◆ SUPPLIED DATA:
(* Let $S$ be a set of bilabelled graphs such that for every $(K,\mathbf{a},\mathbf{b})\in S$ every vertex of $K$ occurs among the entries of $\mathbf{a}$ or $\mathbf{b}$. Let $\langle \mathbf{P}_{\mathrm{gt}},S\rangle$ denote the graph category generated by $S\cup\{\mathbf{P}_{\mathrm{gt}}\}$. Then $\langle \mathbf{P}_{\mathrm{gt}},S\rangle$ is a group-theoretical graph category. Consequently, $\langle \mathbf{P}_{\mathrm{gt}},S\rangle$ equals the group-theoretical graph category generated by $S$ (the smallest group-theoretical graph category containing $S$).
   Context: Graphs are finite, undirected, without multiple edges, loops allowed, considered up to isomorphism; $N_k$ is the edgeless graph on $k$ vertices. Bilabelled graph: $(K,\mathbf{a},\mathbf{b})$ with $K$ a graph, $\mathbf{a}\in V(K)^k$ (inputs), $\mathbf{b}\in V(K)^l$ (outputs), up to isomorphism of $K$ preserving the tuples. Operations: tensor product $(K,\mathbf{a},\mathbf{b})\otimes(H,\mathbf{c},\mathbf{d})=(K\sqcup H,\mathbf{a}\mathbf{c},\mathbf{b}\mathbf{d})$; composition (for $|\mathbf{b}|=|\mathbf{c}|$) $(H,\mathbf{c},\mathbf{d})\cdot(K,\mathbf{a},\mathbf{b})=(H\cdot K,\mathbf{a},\mathbf{d})$ where $H\cdot K$ is obtained from $K\sqcup H$ by identifying $b_i$ with $c_i$ for all $i$ (ignoring edge multiplicities); involution $(K,\mathbf{a},\mathbf{b})^*=(K,\mathbf{b},\mathbf{a})$. For a partition $\pi$ of $V(K)$, $K/\pi$ has the blocks as vertices with an edge between two (possibly equal) blocks iff $K$ has an edge between some of their elements, $q_\pi$ the quotient map, and $(K,\mathbf{a},\mathbf{b})/\pi:=(K/\pi,q_\pi(\mathbf{a}),q_\pi(\mathbf{b}))$. Let $\mathbf{0}=(N_0,\emptyset,\emptyset)$ and $\mathbf{M}^{k,l}=(M,(v,\dots,v),(v,\dots,v))$ for the one-vertex loopless graph $M$ with vertex $v$ ($k$ inputs, $l$ outputs). A graph category is a set of bilabelled graphs containing $\mathbf{M}^{1,1},\mathbf{M}^{0,2},\mathbf{0}$ and closed under tensor products, compositions and involution; it is group-theoretical if it is also closed under all quotients $\mathbf{K}\mapsto\mathbf{K}/\pi$. $\mathbf{P}_{\mathrm{gt}}$ denotes the bilabelled graph $(N_2,(x,y,y),(y,y,x))$, where $N_2$ has the two vertices $x,y$ and no edges. *)

From mathcomp Require Import all_boot all_order.
Set Implicit Arguments. Unset Strict Implicit. Unset Printing Implicit Defensive.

◆ ASSIGNMENT: Restate the material above word for word, leaving nothing out.

◆ RESULT OF THE TASK:
(* Let $S$ be a set of bilabelled graphs such that for every $(K,\mathbf{a},\mathbf{b})\in S$ every vertex of $K$ occurs among the entries of $\mathbf{a}$ or $\mathbf{b}$. Let $\langle \mathbf{P}_{\mathrm{gt}},S\rangle$ denote the graph category generated by $S\cup\{\mathbf{P}_{\mathrm{gt}}\}$. Then $\langle \mathbf{P}_{\mathrm{gt}},S\rangle$ is a group-theoretical graph category. Consequently, $\langle \mathbf{P}_{\mathrm{gt}},S\rangle$ equals the group-theoretical graph category generated by $S$ (the smallest group-theoretical graph category containing $S$).
   Context: Graphs are finite, undirected, without multiple edges, loops allowed, considered up to isomorphism; $N_k$ is the edgeless graph on $k$ vertices. Bilabelled graph: $(K,\mathbf{a},\mathbf{b})$ with $K$ a graph, $\mathbf{a}\in V(K)^k$ (inputs), $\mathbf{b}\in V(K)^l$ (outputs), up to isomorphism of $K$ preserving the tuples. Operations: tensor product $(K,\mathbf{a},\mathbf{b})\otimes(H,\mathbf{c},\mathbf{d})=(K\sqcup H,\mathbf{a}\mathbf{c},\mathbf{b}\mathbf{d})$; composition (for $|\mathbf{b}|=|\mathbf{c}|$) $(H,\mathbf{c},\mathbf{d})\cdot(K,\mathbf{a},\mathbf{b})=(H\cdot K,\mathbf{a},\mathbf{d})$ where $H\cdot K$ is obtained from $K\sqcup H$ by identifying $b_i$ with $c_i$ for all $i$ (ignoring edge multiplicities); involution $(K,\mathbf{a},\mathbf{b})^*=(K,\mathbf{b},\mathbf{a})$. For a partition $\pi$ of $V(K)$, $K/\pi$ has the blocks as vertices with an edge between two (possibly equal) blocks iff $K$ has an edge between some of their elements, $q_\pi$ the quotient map, and $(K,\mathbf{a},\mathbf{b})/\pi:=(K/\pi,q_\pi(\mathbf{a}),q_\pi(\mathbf{b}))$. Let $\mathbf{0}=(N_0,\emptyset,\emptyset)$ and $\mathbf{M}^{k,l}=(M,(v,\dots,v),(v,\dots,v))$ for the one-vertex loopless graph $M$ with vertex $v$ ($k$ inputs, $l$ outputs). A graph category is a set of bilabelled graphs containing $\mathbf{M}^{1,1},\mathbf{M}^{0,2},\mathbf{0}$ and closed under tensor products, compositions and involution; it is group-theoretical if it is also closed under all quotients $\mathbf{K}\mapsto\mathbf{K}/\pi$. $\mathbf{P}_{\mathrm{gt}}$ denotes the bilabelled graph $(N_2,(x,y,y),(y,y,x))$, where $N_2$ has the two vertices $x,y$ and no edges. *)

From mathcomp Require Import all_boot all_order.
Set Implicit Arguments. Unset Strict Implicit. Unset Printing Implicit Defensive.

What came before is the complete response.